Christopher Mims makes a really good point:

It makes no sense that writers like Felix Salmon, who is generally excellent on just about everything, describe Netfilx, even pre-split Netflix, as an inexpensive alternative to cable. It’s not. It’s only inexpensive if you take fast broadband at home for granted — you know, like every tech pundit and journalist on the planet.

To be fair, it’s a mistake all of those pundits makes regularly — the conflation of their own situation with that of the wider public. But only one in three Americans pays for broadband, which means that something like two-thirds of the population has access to it. That’s not bad (it’s not great either – it puts us something like 27th in world broadband penetration) and it leaves out precisely the people who are being left behind by both our economy and the digital divide.

I moved to the US before the rollout of the cable modem, and for me it was a game-changer: within a few months of its arrival, sometime in the late 90s, I switched from cable-and-no-broadband to broadband-and-no-cable. I was one of the earliest cord-cutters, long before YouTube or Netflix or any real video content on the web which I had any desire to watch. I didn’t want to watch TV on my computer: I just preferred content online to the content on the TV.

Now, over a decade later, it’s possible to look at the population more broadly, and see how their preferences have revealed themselves. And Mims is right: if you have a cable line coming into your home, you’re much more likely to have cable-and-no-broadband than you are to have broadband-and-no-cable. Cord-cutting was a privileged, yuppie behavior when I did it in the 90s, and it remains a privileged yuppie behavior today.* Sure, I like having an extra $100 in my wallet every month due to the fact that I don’t have cable. But I could easily afford it if I wanted it — the fact is that I stopped watching cable long before I cut that cord.

For the time being, the price of broadband — largely set by cable companies — is being set high enough that cable-but-no-broadband subscribers are not switching to broadband-but-no-cable. In order to cut the cord, it seems, you need broadband first: you need cable and broadband, and then you need to come to the decision that you can do without the cable bit.

So, yes, let’s slow down on visions of free or cheap online services supplanting cable for America’s poor. Because Mims is right: broadband is not free. And the cost of Netflix is therefore comparable to the cost of cable — with no live-TV services at all, and in general a much narrower selection of things to watch. At some point, I’m convinced that IP-based video will indeed replace cable. But in order for it to do so, the cost of broadband is going to have to come down. And that doesn’t look as though it’s going to happen any time soon.

This is good as far as it goes but it needs to go much further. There is a significant option for live TV that Salmon omits entirely. It's cheaper than Netflix and it offers better programming than basic cable, both in terms of signal quality and in the number and content of channels.

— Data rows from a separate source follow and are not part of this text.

(* Let $E$ be a nonempty closed convex subset of a real Hilbert space $H$. Let $f:E\times E\to\mathbb{R}$ be a bifunction satisfying conditions (A1)–(A4) below, and let $S:E\to E$ be a $(\lambda,\gamma)$-generalized hybrid mapping for some $\lambda,\gamma\in\mathbb{R}$, with $F(S)\cap EP(f)\neq\emptyset$. Let $\{r_n\}\subset(0,\infty)$ satisfy $\liminf_{n\to\infty}r_n>0$ and let $\{\beta_n\}$ be a sequence in $[b,1]$ for some $b\in(0,1)$ with $\liminf_{n\to\infty}\beta_n(1-\beta_n)>0$. Let $\{x_n\}$ and $\{u_n\}$ be generated by $x_1=x\in E$ and, for all $n\in\mathbb{N}$, $$u_n\in E \text{ such that } f(u_n,y)+\frac{1}{r_n}\langle y-u_n,u_n-x_n\rangle\ge 0\quad\text{for all } y\in E,$$ $$x_{n+1}=S\big((1-\beta_n)x_n+\beta_n Su_n\big).$$ Then $\{x_n\}$ converges weakly to a point $v\in F(S)\cap EP(f)$, where $v=\lim_{n\to\infty}P_{F(S)\cap EP(f)}(x_n)$.
   Context: $F(S)=\{x\in E: Sx=x\}$. A mapping $S:E\to E$ is $(\lambda,\gamma)$-generalized hybrid if $\lambda\|Sx-Sy\|^2+(1-\lambda)\|x-Sy\|^2\le \gamma\|Sx-y\|^2+(1-\gamma)\|x-y\|^2$ for all $x,y\in E$. $EP(f)=\{x\in E: f(x,y)\ge 0 \text{ for all } y\in E\}$. Conditions: (A1) $f(x,x)=0$ for all $x\in E$; (A2) $f(x,y)+f(y,x)\le 0$ for all $x,y\in E$; (A3) for all $x,y,z\in E$, $\lim_{t\downarrow 0} f(tz+(1-t)x,y)\le f(x,y)$; (A4) for each $x\in E$, $y\mapsto f(x,y)$ is convex and lower semicontinuous. $P_K$ is the metric projection of $H$ onto a nonempty closed convex set $K$; the limit defining $v$ is in norm. *)

From HB Require Import structures.
From mathcomp Require Import all_boot all_order all_algebra.
From mathcomp Require Import all_classical all_reals all_analysis.
Set Implicit Arguments. Unset Strict Implicit. Unset Printing Implicit Defensive.
Import Order.TTheory GRing.Theory Num.Theory.
Import numFieldNormedType.Exports.
Local Open Scope classical_set_scope.
Local Open Scope ring_scope.

Section Defs.
Context {R : realType} {V : normedModType R}.

(* ip is a real inner product inducing the norm of V.  Together with
   V : completeNormedModType R this makes V a real Hilbert space. *)
Definition is_inner_product (ip : V -> V -> R) : Prop :=
  (forall x y, ip x y = ip y x) /\
  (forall (a : R) x y z, ip (a *: x + y) z = a * ip x z + ip y z) /\
  (forall x, `|x| ^+ 2 = ip x x).

Definition convex_set_in (E : set V) : Prop :=
  forall x y (t : R), E x -> E y -> 0 <= t <= 1 -> E (t *: x + (1 - t) *: y).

In Salmon's defense, almost everyone has missed the story of over the air digital TV. The coverage has been sparse and often factually challenged. The New York Times mistaken reported that you needed a special antenna (signal amplification is nice but a set of dollar store rabbit ears will still do the job). It also managed to under report the number of channels available in at least one major market by a factor of more than three.

Sadder still, the little coverage we've seen has pretty much completely skipped over the most interesting parts of the story including:

Pavlovian consumption -- why does anyone continue to purchase bottom tier cable when the free option is better by almost any measure?;

Selling off the commons -- there's a push lead by business interests and conservative economists to remove the free TV option entirely. Rajiv Sethi wrote the definitive post on this over a year ago;

Television in the immigrant community -- Over-the-air broadcasting has a disproportionately large immigrant audience;

New markets and models -- A number of major players (NBC, Tribune, etc.) have come up with innovative programming for the new technology;

Smart, innovative upstarts -- The new technology has also opened up opportunities for small players like Weigel Broadcasting which has been recreating the Turner model for OTA while adding some impressive enhancements. I'll have more to say on this later, but for now I'll leave it at this: if I get cable tomorrow, I will still keep the rabbit ears hooked up because of Weigel.

Journalistic biases -- As Mims points out, the people covering these stories tend to conflate their situation (usually upper-middle class) with that of everyone else. They also tend, all too often, to go where they're told to and cover stories fed to them. An orphan medium primarily serving immigrants and the poor will have a hard time getting on most journalists' radar.